::: DATA SUPPLIED :::
(* A weak form of "P is C^1 with partial derivatives Pu and Pt": the chain rule along
   differentiable curves, together with Lipschitz bounds on P and its partials. *)
Definition has_partials (P Pu Pt : pt -> R) : Prop :=
  lipschitz_on_boxes P /\ lipschitz_on_boxes Pu /\ lipschitz_on_boxes Pt /\
  forall (al be : R -> R) s a' b', derivable_pt_lim al s a' -> derivable_pt_lim be s b' ->
    derivable_pt_lim (fun s => P (al s, be s)) s (Pu (al s, be s) * a' + Pt (al s, be s) * b').

Lemma has_partials_const c : has_partials (fun _ => c) (fun _ => 0) (fun _ => 0).
Proof.
  split; [| split; [| split]]; try apply lipschitz_on_boxes_const.
  intros al be s a' b' _ _; eapply derivable_pt_lim_ext_eq;
    [| | apply (derivable_pt_lim_const c s)]; [reflexivity | ring].
Qed.

Lemma has_partials_fst : has_partials fst (fun _ => 1) (fun _ => 0).
Proof.
  split; [apply lipschitz_on_boxes_fst | split; [| split]]; try apply lipschitz_on_boxes_const.
  intros al be s a' b' Ha _; eapply derivable_pt_lim_ext_eq; [| | exact Ha]; [reflexivity | ring].
Qed.

Lemma has_partials_swap P Pu Pt :
  has_partials P Pu Pt ->
  has_partials (fun z => P (swap z)) (fun z => Pt (swap z)) (fun z => Pu (swap z)).
Proof.
  intros [LP [LPu [LPt D]]].
  split; [| split; [| split]]; try now apply lipschitz_on_boxes_swap.
  intros al be s a' b' Ha Hb; eapply derivable_pt_lim_ext_eq;
    [| | apply (D be al s b' a' Hb Ha)]; [reflexivity | unfold swap; simpl; ring].
Qed.

Lemma has_partials_snd : has_partials snd (fun _ => 0) (fun _ => 1).
Proof. exact (has_partials_swap _ _ _ has_partials_fst). Qed.

Lemma has_partials_plus P Pu Pt Q Qu Qt :
  has_partials P Pu Pt -> has_partials Q Qu Qt ->
  has_partials (fun z => P z + Q z) (fun z => Pu z + Qu z) (fun z => Pt z + Qt z).
Proof.
  intros [LP [LPu [LPt DP]]] [LQ [LQu [LQt DQ]]].
  split; [| split; [| split]]; try now apply lipschitz_on_boxes_plus.
  intros al be s a' b' Ha Hb; eapply derivable_pt_lim_ext_eq;
    [| | apply derivable_pt_lim_plus; [apply (DP al be s a' b' Ha Hb) | apply (DQ al be s a' b' Ha Hb)]];
    [reflexivity | ring].
Qed.

Lemma has_partials_mult P Pu Pt Q Qu Qt :
  has_partials P Pu Pt -> has_partials Q Qu Qt ->
  has_partials (fun z => P z * Q z)
    (fun z => Pu z * Q z + P z * Qu z) (fun z => Pt z * Q z + P z * Qt z).
Proof.
  intros [LP [LPu [LPt DP]]] [LQ [LQu [LQt DQ]]].
  split; [now apply lipschitz_on_boxes_mult | split; [| split]];
    try (apply lipschitz_on_boxes_plus; now apply lipschitz_on_boxes_mult).
  intros al be s a' b' Ha Hb; eapply derivable_pt_lim_ext_eq;
    [| | apply derivable_pt_lim_mult; [apply (DP al be s a' b' Ha Hb) | apply (DQ al be s a' b' Ha Hb)]];
    [reflexivity | cbv beta; ring].
Qed.

Lemma has_partials_ext P P' Pu Pt :
  (forall z, P z = P' z) -> has_partials P Pu Pt -> has_partials P' Pu Pt.
Proof.
  intros E [LP [LPu [LPt D]]]; split; [now apply (lipschitz_on_boxes_ext P) | do 2 (split; [assumption |])].
  intros; eapply derivable_pt_lim_ext_eq; [| reflexivity | apply D; eauto]; intros; apply E.
Qed.

Lemma has_partials_eval1 l : exists Pu Pt, has_partials (fun z => eval1 l (snd z)) Pu Pt.
Proof.
  induction l as [| c l [Pu [Pt IH]]]; [eexists; eexists; exact (has_partials_const 0) |].
  eexists; eexists; eapply has_partials_ext;
    [| apply has_partials_plus; [apply (has_partials_const c) |
                                 apply has_partials_mult; [apply has_partials_snd | apply IH]]].
  reflexivity.
Qed.

Lemma has_partials_peval p : exists Pu Pt, has_partials (peval p) Pu Pt.
Proof.
  induction p as [| r p [Pu [Pt IH]]]; [eexists; eexists; exact (has_partials_const 0) |].
  destruct (has_partials_eval1 r) as [Ru [Rt HR]].
  eexists; eexists; eapply has_partials_ext;
    [| apply has_partials_plus; [apply HR | apply has_partials_mult; [apply has_partials_fst | apply IH]]].
  reflexivity.
Qed.

Definition quotient_num (P Pd Q Qd : pt -> R) (z : pt) : R := Pd z * Q z - P z * Qd z.

Lemma lipschitz_on_boxes_quotient_num P Pd Q Qd :
  lipschitz_on_boxes P -> lipschitz_on_boxes Pd -> lipschitz_on_boxes Q -> lipschitz_on_boxes Qd ->
  lipschitz_on_boxes (quotient_num P Pd Q Qd).
Proof.
  intros LP LPd LQ LQd.
  apply (lipschitz_on_boxes_ext (fun z => Pd z * Q z + - (P z * Qd z))).
  - intros z; unfold quotient_num; ring.
  - apply lipschitz_on_boxes_plus; [| apply lipschitz_on_boxes_opp];
      now apply lipschitz_on_boxes_mult.
Qed.

Lemma quotient_chain_rule P Pu Pt Q Qu Qt al be s0 a' b' :
  has_partials P Pu Pt -> has_partials Q Qu Qt ->
  derivable_pt_lim al s0 a' -> derivable_pt_lim be s0 b' -> Q (al s0, be s0) <> 0 ->
  derivable_pt_lim (fun s => P (al s, be s) / Q (al s, be s)) s0
    ((a' * quotient_num P Pu Q Qu (al s0, be s0) + b' * quotient_num P Pt Q Qt (al s0, be s0))
       / (Q (al s0, be s0))²).
Proof.
  intros [_ [_ [_ DP]]] [_ [_ [_ DQ]]] Ha Hb HQ.
  eapply derivable_pt_lim_ext_eq; [| | apply (derivable_pt_lim_div _ _ s0 _ _ (DP al be s0 a' b' Ha Hb)
                                                 (DQ al be s0 a' b' Ha Hb) HQ)].
  - reflexivity.
  - unfold quotient_num, Rsqr; field; exact HQ.
Qed.

Lemma derivable_pt_lim_near f x l :
  derivable_pt_lim f x l -> forall eps, 0 < eps ->
  exists d, 0 < d /\ forall y, Rabs (y - x) < d -> Rabs (f y - f x) < eps.
Proof.
  intros H eps Heps.
  assert (C : continuity_pt f x) by (apply derivable_continuous_pt; exists l; exact H).
  destruct (C eps Heps) as [d [Hd G]]; exists d; split; [exact Hd |]; intros y Hy.
  destruct (Req_dec y x) as [-> | Hne].
  - unfold Rminus; rewrite Rplus_opp_r, Rabs_R0; lra.
  - apply (G y); split; [split; [exact I | auto] | exact Hy].
Qed.

Lemma curve_eventually_in_ball al be a' b' z0 e :
  derivable_pt_lim al 0 a' -> derivable_pt_lim be 0 b' -> sq_ball z0 e (al 0, be 0) ->
  exists d, 0 < d /\ forall s, -d < s < d -> sq_ball z0 e (al s, be s).
Proof.
  intros Ha Hb [H1 H2]; simpl in H1, H2.
  destruct (derivable_pt_lim_near _ _ _ Ha (e - Rabs (al 0 - fst z0))) as [d1 [Hd1 C1]]; [lra |].
  destruct (derivable_pt_lim_near _ _ _ Hb (e - Rabs (be 0 - snd z0))) as [d2 [Hd2 C2]]; [lra |].
  exists (Rmin d1 d2); split; [now apply Rmin_pos |]; intros s Hs.
  assert (Hs' : Rabs (s - 0) < Rmin d1 d2) by (rewrite Rminus_0_r; apply Rabs_def1; lra).
  pose proof (C1 s (Rlt_le_trans _ _ _ Hs' (Rmin_l _ _))) as E1.
  pose proof (C2 s (Rlt_le_trans _ _ _ Hs' (Rmin_r _ _))) as E2.
  pose proof (Rabs_triang (al s - al 0) (al 0 - fst z0)).
  pose proof (Rabs_triang (be s - be 0) (be 0 - snd z0)).
  split; simpl.
  - replace (al s - fst z0) with (al s - al 0 + (al 0 - fst z0)) by ring; lra.
  - replace (be s - snd z0) with (be s - be 0 + (be 0 - snd z0)) by ring; lra.
Qed.

Definition quotient_near (g : pt -> R) (z0 : pt) : Prop :=
  exists P Pu Pt Q Qu Qt : pt -> R, has_partials P Pu Pt /\ has_partials Q Qu Qt /\
    Q z0 <> 0 /\ exists e, 0 < e /\ forall z, sq_ball z0 e z -> g z = P z / Q z.

Lemma quotient_near_ext g g' z0 :
  (forall z, g z = g' z) -> quotient_near g z0 -> quotient_near g' z0.
Proof.
  intros E [P [Pu [Pt [Q [Qu [Qt [HP [HQ [HQ0 [e [He Hg]]]]]]]]]]].
  exists P, Pu, Pt, Q, Qu, Qt; do 3 (split; [assumption |]).
  exists e; split; [exact He |]; intros z Hz; rewrite <- E; now apply Hg.
Qed.

Lemma quotient_near_swap g z0 :
  quotient_near g z0 -> quotient_near (fun z => g (swap z)) (swap z0).
Proof.
  intros [P [Pu [Pt [Q [Qu [Qt [HP [HQ [HQ0 [e [He Hg]]]]]]]]]]].
  do 6 eexists; split; [exact (has_partials_swap _ _ _ HP) |].
  split; [exact (has_partials_swap _ _ _ HQ) |].
  split; [now destruct z0 |].
  exists e; split; [exact He |]; intros z [H1 H2]; apply Hg; split; assumption.
Qed.

Lemma regular_at_quotient_near g z0 : regular_at g z0 -> quotient_near g z0.
Proof.
  intros [p [q [U [[ps Hps] [HU Hreg]]]]].
  destruct (proj1 (Hps z0) HU) as [p0 [Hin Hp0]].
  destruct (has_partials_peval p0) as [? [? [Lp0 _]]].
  destruct (lipschitz_on_boxes_bounded_below _ z0 Lp0 Hp0) as [e [He Hbelow]].
  destruct (has_partials_peval p) as [Pu [Pt HP]], (has_partials_peval q) as [Qu [Qt HQ]].
  exists (peval p), Pu, Pt, (peval q), Qu, Qt; do 2 (split; [assumption |]).
  split; [apply (Hreg z0 HU) |].
  exists e; split; [exact He |]; intros z Hz.
  apply Hreg, Hps; exists p0; split; [exact Hin |]; intros Z.
  specialize (Hbelow z Hz); rewrite Z, Rabs_R0 in Hbelow.
  pose proof (Rabs_pos_lt _ Hp0); lra.
Qed.

Lemma derivable_pt_lim_affine x c s0 : derivable_pt_lim (fun s => x + s * c) s0 c.
Proof.
  eapply derivable_pt_lim_ext_eq; [| | apply derivable_pt_lim_plus;
    [apply (derivable_pt_lim_const x) |
     apply derivable_pt_lim_mult; [apply derivable_pt_lim_id | apply (derivable_pt_lim_const c)]]].
  - reflexivity.
  - unfold id, fct_cte; ring.
Qed.

(* The line through (a1 + x, a2 + y) in direction (c1, c2), read in the first blow-up chart. *)
Definition chart_line (g : pt -> R) (x y c1 c2 s : R) : R :=
  g (x + s * c1, (y + s * c2) / (x + s * c1)).

Definition derivative_at0_bounded (F : R -> R) (M : R) : Prop :=
  exists l, derivable_pt_lim F 0 l /\ Rabs l <= M.

Lemma derivative_at0_bounded_le F M M' :
  M <= M' -> derivative_at0_bounded F M -> derivative_at0_bounded F M'.
Proof. intros HM [l [Hl Hb]]; exists l; split; [exact Hl | lra]. Qed.

Lemma Rabs_div_le a x b : x <> 0 -> Rabs a <= b * Rabs x -> Rabs (a / x) <= b.
Proof.
  intros Hx Ha; pose proof (Rabs_pos_lt x Hx); unfold Rdiv; rewrite Rabs_mult, Rabs_inv.
  apply (Rmult_le_reg_r (Rabs x)); [lra |]; rewrite Rmult_assoc, Rinv_l; lra.
Qed.

Lemma chart_derivative_estimate x y c1 c2 Nu Nt Qv BD LN K q :
  x <> 0 -> Rabs Nu <= BD -> Rabs Nt <= LN * Rabs x -> Rabs (y / x) <= K ->
  0 < q <= Rabs Qv -> 0 <= LN ->
  Rabs ((c1 * Nu + (c2 * x - c1 * y) / x² * Nt) / Qv²)
    <= (BD * Rabs c1 + LN * (Rabs c2 + Rabs c1 * K)) / q².
Proof.
  intros Hx HNu HNt Ht Hq HLN.
  assert (HQv : Qv <> 0) by (intros ->; rewrite Rabs_R0 in Hq; lra).
  replace ((c1 * Nu + (c2 * x - c1 * y) / x² * Nt) / Qv²)
    with ((c1 * Nu + (c2 - c1 * (y / x)) * (Nt / x)) * / Qv²) by (unfold Rsqr; field; auto).
  rewrite Rabs_mult, Rabs_inv, (Rabs_pos_eq (Qv²)) by apply Rle_0_sqr.
  apply Rmult_le_compat; [apply Rabs_pos | left; apply Rinv_0_lt_compat; unfold Rsqr; nra | |].
  - assert (HNtx : Rabs (Nt / x) <= LN) by now apply Rabs_div_le.
    assert (Hc : Rabs (c2 - c1 * (y / x)) <= Rabs c2 + Rabs c1 * K).
    { eapply Rle_trans; [apply Rabs_triang | rewrite Rabs_Ropp, Rabs_mult].
      pose proof (Rabs_pos c1); nra. }
    eapply Rle_trans; [apply Rabs_triang | rewrite !Rabs_mult].
    pose proof (Rabs_pos c1); pose proof (Rabs_pos Nu); pose proof (Rabs_pos (Nt / x));
      pose proof (Rabs_pos (c2 - c1 * (y / x))); nra.
  - apply Rinv_le_contravar; [unfold Rsqr; nra |]; rewrite (Rsqr_abs Qv); apply Rsqr_incr_1; lra.
Qed.

Section QuotientChart.

Variables (g P Pu Pt Q Qu Qt : pt -> R) (w e : R).
Hypotheses (HP : has_partials P Pu Pt) (HQ : has_partials Q Qu Qt) (HQw : Q (0, w) <> 0)
  (He : 0 < e) (Hg : forall z, sq_ball (0, w) e z -> g z = P z / Q z)
  (Hdiv : forall t, g (0, t) = g (0, 0)).

Lemma quotient_num_vanishes_on_divisor t :
  Rabs (t - w) < e -> Q (0, t) <> 0 -> quotient_num P Pt Q Qt (0, t) = 0.
Proof.
  intros Ht HQt.
  assert (Dq := quotient_chain_rule _ _ _ _ _ _ (fun _ => 0) (fun s => s) t 0 1 HP HQ
                  (derivable_pt_lim_const 0 t) (derivable_pt_lim_id t) HQt).
  assert (Dc : derivable_pt_lim (fun s => P (0, s) / Q (0, s)) t 0).
  { set (m := e - Rabs (t - w)).
    apply (derivable_pt_lim_locally_ext (fun _ => g (0, 0)) _ t (t - m) (t + m));
      [unfold m; lra | | apply derivable_pt_lim_const].
    intros s Hs; rewrite <- (Hdiv s); apply Hg; split; simpl; [rewrite Rminus_0_r, Rabs_R0; lra |].
    assert (Rabs (s - t) < m) by (apply Rabs_def1; lra).
    replace (s - w) with ((s - t) + (t - w)) by ring.
    eapply Rle_lt_trans; [apply Rabs_triang | unfold m in *; lra]. }
  pose proof (uniqueness_limite _ _ _ _ Dq Dc) as E.
  cbv beta in E; unfold Rdiv in E; apply Rmult_integral in E as [E | E]; [lra |].
  exfalso; revert E; apply Rinv_neq_0_compat, Rgt_not_eq, Rlt_0_sqr, HQt.
Qed.

Lemma chart_line_derivative x y c1 c2 :
  x <> 0 -> sq_ball (0, w) e (x, y / x) -> Q (x, y / x) <> 0 ->
  derivable_pt_lim (chart_line g x y c1 c2) 0
    ((c1 * quotient_num P Pu Q Qu (x, y / x) + (c2 * x - c1 * y) / x² * quotient_num P Pt Q Qt (x, y / x))
       / (Q (x, y / x))²).
Proof.
  intros Hx Hball HQx.
  set (al := fun s => x + s * c1); set (be := fun s => (y + s * c2) / (x + s * c1)).
  assert (E0 : (al 0, be 0) = (x, y / x)) by (unfold al, be; rewrite !Rmult_0_l, !Rplus_0_r; reflexivity).
  assert (Dal : derivable_pt_lim al 0 c1) by apply derivable_pt_lim_affine.
  assert (Dbe : derivable_pt_lim be 0 ((c2 * x - c1 * y) / x²)).
  { assert (Hx0 : x + 0 * c1 <> 0) by (rewrite Rmult_0_l, Rplus_0_r; exact Hx).
    eapply derivable_pt_lim_ext_eq; [| | apply (derivable_pt_lim_div _ _ 0 _ _
      (derivable_pt_lim_affine y c2 0) (derivable_pt_lim_affine x c1 0) Hx0)].
    - reflexivity.
    - rewrite !Rmult_0_l, !Rplus_0_r; reflexivity. }
  rewrite <- E0 in Hball, HQx |- *.
  destruct (curve_eventually_in_ball _ _ _ _ _ _ Dal Dbe Hball) as [d [Hd Hcurve]].
  apply (derivable_pt_lim_locally_ext (fun s => P (al s, be s) / Q (al s, be s)) _ 0 (- d) d);
    [lra | intros s Hs; symmetry; apply Hg, Hcurve, Hs |].
  eapply derivable_pt_lim_ext_eq; [reflexivity | | exact (quotient_chain_rule _ _ _ _ _ _ _ _ _ _ _ HP HQ Dal Dbe HQx)].
  reflexivity.
Qed.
:::
Print the lines above from the one with "assert (E0 : (al" through the one with "destruct (curve_eventually_in_ball _", both included, exactly as written and nothing more.

  assert (E0 : (al 0, be 0) = (x, y / x)) by (unfold al, be; rewrite !Rmult_0_l, !Rplus_0_r; reflexivity).
  assert (Dal : derivable_pt_lim al 0 c1) by apply derivable_pt_lim_affine.
  assert (Dbe : derivable_pt_lim be 0 ((c2 * x - c1 * y) / x²)).
  { assert (Hx0 : x + 0 * c1 <> 0) by (rewrite Rmult_0_l, Rplus_0_r; exact Hx).
    eapply derivable_pt_lim_ext_eq; [| | apply (derivable_pt_lim_div _ _ 0 _ _
      (derivable_pt_lim_affine y c2 0) (derivable_pt_lim_affine x c1 0) Hx0)].
    - reflexivity.
    - rewrite !Rmult_0_l, !Rplus_0_r; reflexivity. }
  rewrite <- E0 in Hball, HQx |- *.
  destruct (curve_eventually_in_ball _ _ _ _ _ _ Dal Dbe Hball) as [d [Hd Hcurve]].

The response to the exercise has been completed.